■ Activity ■
Please take the records that follow and repeat exactly the lines starting with the line with "clos_refl_sym_trans 'S_n (fun" and going on through the line with "Definition classes (c".

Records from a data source
(* Let $m\geq 3$ be an integer and let $\{X_n\}_{n\in\mathbb{N}}$ be a sequence of finite connected $2$-connected graphs such that, for each $n$, the number of maximal spanning trees of $X_n$ not containing a given edge $e$ is the same for all edges $e$ of $X_n$. Let $\widetilde{X}_n$ be the $\mathbb{Z}_m$-homology cover of $X_n$, equipped with its graph metric. If $\mathrm{girth}(X_n)\to\infty$ as $n\to\infty$, then the coarse disjoint union $\bigsqcup_n\widetilde{X}_n$ coarsely embeds into Hilbert space.
   Context: A graph is $2$-connected if removing any single edge leaves it connected. The girth of a graph is the length of its shortest cycle. $\mathbb{Z}_m$-homology cover: let $X$ be a finite connected graph with a chosen orientation of each edge, let $T$ be a maximal spanning tree, and let $e_1,\dots,e_r$ be the edges not in $T$, which correspond to a free basis of $\pi_1(X)$. Let $K=\pi_1(X)/[\pi_1(X),\pi_1(X)]\pi_1(X)^m\cong\oplus^r\mathbb{Z}_m$ and $\rho:\pi_1(X)\to K$ the quotient map. The cover $\widetilde{X}$ has vertex set $V(X)\times K$ and edge set $E(X)\times K$; if $e\in T$ goes from $v$ to $w$, the edge $(e,k)$ joins $(v,k)$ and $(w,k)$; if $e\notin T$ goes from $v$ to $w$, then $(e,k)$ joins $(v,k)$ and $(w,\rho(e)k)$. Up to isomorphism commuting with the projection $\pi:\widetilde{X}\to X$, $(v,k)\mapsto v$, $(e,k)\mapsto e$, this does not depend on $T$ or the orientations. A coarse embedding is a map $F$ with non-decreasing $\rho_\pm:\mathbb{R}_+\to\mathbb{R}_+$, $\rho_\pm(t)\to\infty$, and $\rho_-(d(x,x'))\le\|F(x)-F(x')\|\le\rho_+(d(x,x'))$. The coarse disjoint union of metric spaces $X_n$ is $\bigsqcup_n X_n$ with the metric restricting to the given one on each $X_n$, and distances between distinct components larger than their diameters and tending to infinity. *)

From HB Require Import structures.
From mathcomp Require Import all_boot all_order all_algebra.
From Stdlib Require Import Reals ClassicalEpsilon.
Definition step (c : nat) (phi psi : seq nat) : Prop :=
  exists a b u v : seq nat,
    [/\ phi = a ++ u ++ b, psi = a ++ v ++ b,
        size u = c.+1 /\ size v = c.+1 & first_min u /\ first_min v].

Definition equiv (c n : nat) : relation 'S_n :=
  clos_refl_sym_trans 'S_n (fun s t => step c (word s) (word t)).

Definition equivb (c n : nat) (s t : 'S_n) : bool :=
  if excluded_middle_informative (equiv c s t) then true else false.

Definition classes (c n : nat) : {set {set 'S_n}} :=
  [set [set t | equivb c s t] | s : 'S_n].

Definition f (c n : nat) : nat := #|classes c n|.

Definition squished (c k n : nat) (s : 'S_n) : bool :=
  [forall j : 'I_k.+1, (0 < j) ==> (nat_of_ord j \in take (c * j.-1).+1 (word s))].

Definition g (c k n : nat) : nat :=
  #|[set C in classes c n | [exists s in C, squished c k s]]|.

From Stdlib Require Import Relations ClassicalEpsilon.
From Pilot Require Import Defs.
From mathcomp Require Import all_boot all_fingroup zify.
Set Implicit Arguments. Unset Strict Implicit. Unset Printing Implicit Defensive.

(* The letter 1 is smaller than every other letter, so a replacement window
   containing 1 must start with 1: every replacement acts either inside the part
   of the word before 1 or inside the part starting at 1.  Hence two permutations
   are equivalent iff they have the same set A of letters before 1, equivalent
   standardized prefixes in S_|A|, and equivalent standardized suffixes, which
   are exactly the permutations of S_(n-|A|) starting with 1, i.e. the
   1-squished ones.  Summing f(|A|) g(1, n-|A|) over the 'C(n-1, j-1) sets A of
   size j-1 not containing 1 gives the recurrence; for n <= c no window fits, so
   the classes are singletons. *)

Lemma first_min_head (u v : seq nat) :
  first_min u -> first_min v -> perm_eq u v -> head 0 u = head 0 v.
Proof.
case: u v => [|x u] [|y v] //= /allP xu /allP yv xyuv.
apply: contra_eq isT => /negPf neq_xy.
have /xu x_lt_y : y \in u.
  by have := mem_head y v; rewrite -(perm_mem xyuv) in_cons eq_sym neq_xy.
have /yv y_lt_x : x \in v.
  by have := mem_head x u; rewrite (perm_mem xyuv) in_cons neq_xy.
by move: (ltn_trans x_lt_y y_lt_x); rewrite ltnn.
Qed.

Lemma cat_cons_prefix (T : eqType) (x : T) p q u b : x \notin u ->
  p ++ x :: q = u ++ b -> exists2 r, p = u ++ r & b = r ++ x :: q.
Proof.
elim: u p => [|y u IHu] p; first by move=> _ /= <-; exists p.
rewrite in_cons => /norP[x_neq_y xNu]; case: p => [|z p] [].
  by move=> xy; rewrite xy eqxx in x_neq_y.
by move=> <- /(IHu _ xNu)[r -> ->]; exists r.
Qed.

Lemma window_around_min m p q a u b :
  all (fun l => m < l) p -> all (fun l => m < l) q -> first_min u ->
  p ++ m :: q = a ++ u ++ b ->
  [\/ exists2 r, p = a ++ u ++ r & b = r ++ m :: q,
      exists2 r, a = p ++ m :: r & q = r ++ u ++ b
    | exists u', [/\ a = p, u = m :: u' & q = u' ++ b]].
Proof.
move=> + mq fu; elim: p a => [|x p IHp] [|y a] //= mp.
- by case: u fu => // l u _ [<- ->]; apply: Or33; exists u.
- by case=> <- ->; apply: Or32; exists a.
- move: mp => /andP[mx _] e; apply: Or31; clear IHp.
  have mNu : m \notin u.
    case eu: u fu => [//|y u'] /allP yu; move: e; rewrite eu => -[xy _]; subst y.
    by rewrite in_cons negb_or neq_ltn mx /=; apply/negP => /yu; rewrite ltnNge (ltnW mx).
  by have [r -> ->] := cat_cons_prefix (p := x :: p) mNu e; exists r.
- move: mp => /andP[_ mp] [<- /(IHp _ mp)] [[r -> ->] | [r -> ->] | [u' [-> eu ->]]].
  + by apply: Or31; exists r.
  + by apply: Or32; exists r.
  + by apply: Or33; exists u'.
Qed.

Section Rewriting.
Variable c : nat.

(* On one-line words of permutations [perm_eq u v] is automatic; on arbitrary
   words it makes the rewriting content-preserving. *)
Definition rstep (x y : seq nat) : Prop :=
  exists a b u v, [/\ x = a ++ u ++ b, y = a ++ v ++ b, size u = c.+1,
                      first_min u & first_min v /\ perm_eq u v].

Definition requiv : relation (seq nat) := clos_refl_trans _ rstep.

Lemma rstep_sym x y : rstep x y -> rstep y x.
Proof.
case=> a [b] [u] [v] [-> -> su fu [fv uv]].
by exists a, b, v, u; rewrite -(perm_size uv) perm_sym.
Qed.

Lemma rstep_perm x y : rstep x y -> perm_eq x y.
Proof. by case=> a [b] [u] [v] [-> -> _ _ [_ uv]]; rewrite perm_cat2l perm_cat2r. Qed.
Lemma exists_longest_cycle (V : finType) (e : rel V) (c0 : seq V) :
  uniq c0 -> cycle e c0 -> exists c, [/\ uniq c, cycle e c, size c0 <= size c &
    forall c', uniq c' -> cycle e c' -> size c' <= size c].
Proof.
move=> Uc0 Cc0.
pose has_cycle n := [exists c : n.-tuple V, uniq c && cycle e c].
have has_c0 : exists n, has_cycle n.
  by exists (size c0); apply/existsP; exists (in_tuple c0); rewrite Uc0.
have bounded n : has_cycle n -> n <= #|V|.
  by case/existsP => c /andP [Uc _]; rewrite -(size_tuple c) -(card_uniqP Uc) max_card.
case: (ex_maxnP has_c0 bounded) => n /existsP [c /andP [Uc Cc]] longest.
exists c; rewrite size_tuple; split=> //.
  by apply: longest; apply/existsP; exists (in_tuple c0); rewrite Uc0.
by move=> c' Uc' Cc'; apply: longest; apply/existsP; exists (in_tuple c'); rewrite Uc'.
Qed.

Lemma hamiltonian_of_no_bhole (V : finType) (e : rel V) s t :
  symmetric e -> irreflexive e -> 0 < s -> s <= t -> ~~ has_bhole e s t ->
  (forall v, s + t <= (deg e v).+1) -> 0 < #|V| -> hamiltonian e.
Proof.
move=> esym eirr s_gt0 s_le_t no_hole deg_ge /card_gt0P [v0 _].
have /card_gt0P [u] : 0 < deg e v0 by have := deg_ge v0; lia.
rewrite inE => ev0u.
have Uc0 : uniq [:: v0; u] by rewrite /= inE andbT; apply: contraTneq ev0u => ->; rewrite eirr.
have Cc0 : cycle e [:: v0; u] by rewrite /= ev0u esym ev0u.
have [c [Uc Cc c_large c_longest]] := exists_longest_cycle Uc0 Cc0.
have [v1 v1c] : exists v1, v1 \in c.
  by case: c {Uc Cc c_longest} c_large => // v1 c _; exists v1; rewrite inE eqxx.
exists c; split=> // v.
exact: (longest_cycle_spanning esym eirr Uc Cc c_longest s_gt0 s_le_t no_hole deg_ge v1c).
Qed.

Theorem theorem2 (V : finType) (e : rel V) :
  symmetric e -> irreflexive e -> 3 <= #|V| ->
  bhn e <= mindeg e ->
  hamiltonian e.
Proof.
move=> esym eirr V_ge3; rewrite /bhn; case: ex_minnP => r /existsP [s].
case/andP => s_gt0 no_hole _ r_le.
have s_le_r : s <= r by rewrite -ltnS ltn_ord.
have V_gt0 : 0 < #|V| by lia.
have deg_ge v : s + (r.+1 - s) <= (deg e v).+1.
  by have := leq_trans r_le (mindeg_le_deg e v); lia.
have [s_le_t | t_lt_s] := leqP s (r.+1 - s).
  exact: hamiltonian_of_no_bhole esym eirr s_gt0 s_le_t no_hole deg_ge V_gt0.
apply: (hamiltonian_of_no_bhole esym eirr _ (ltnW t_lt_s)) => //.
- by lia.
- by rewrite has_bholeC.
- by move=> v; rewrite addnC.
Qed.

■ Exercise result ■
  clos_refl_sym_trans 'S_n (fun s t => step c (word s) (word t)).

Definition equivb (c n : nat) (s t : 'S_n) : bool :=
  if excluded_middle_informative (equiv c s t) then true else false.

Definition classes (c n : nat) : {set {set 'S_n}} :=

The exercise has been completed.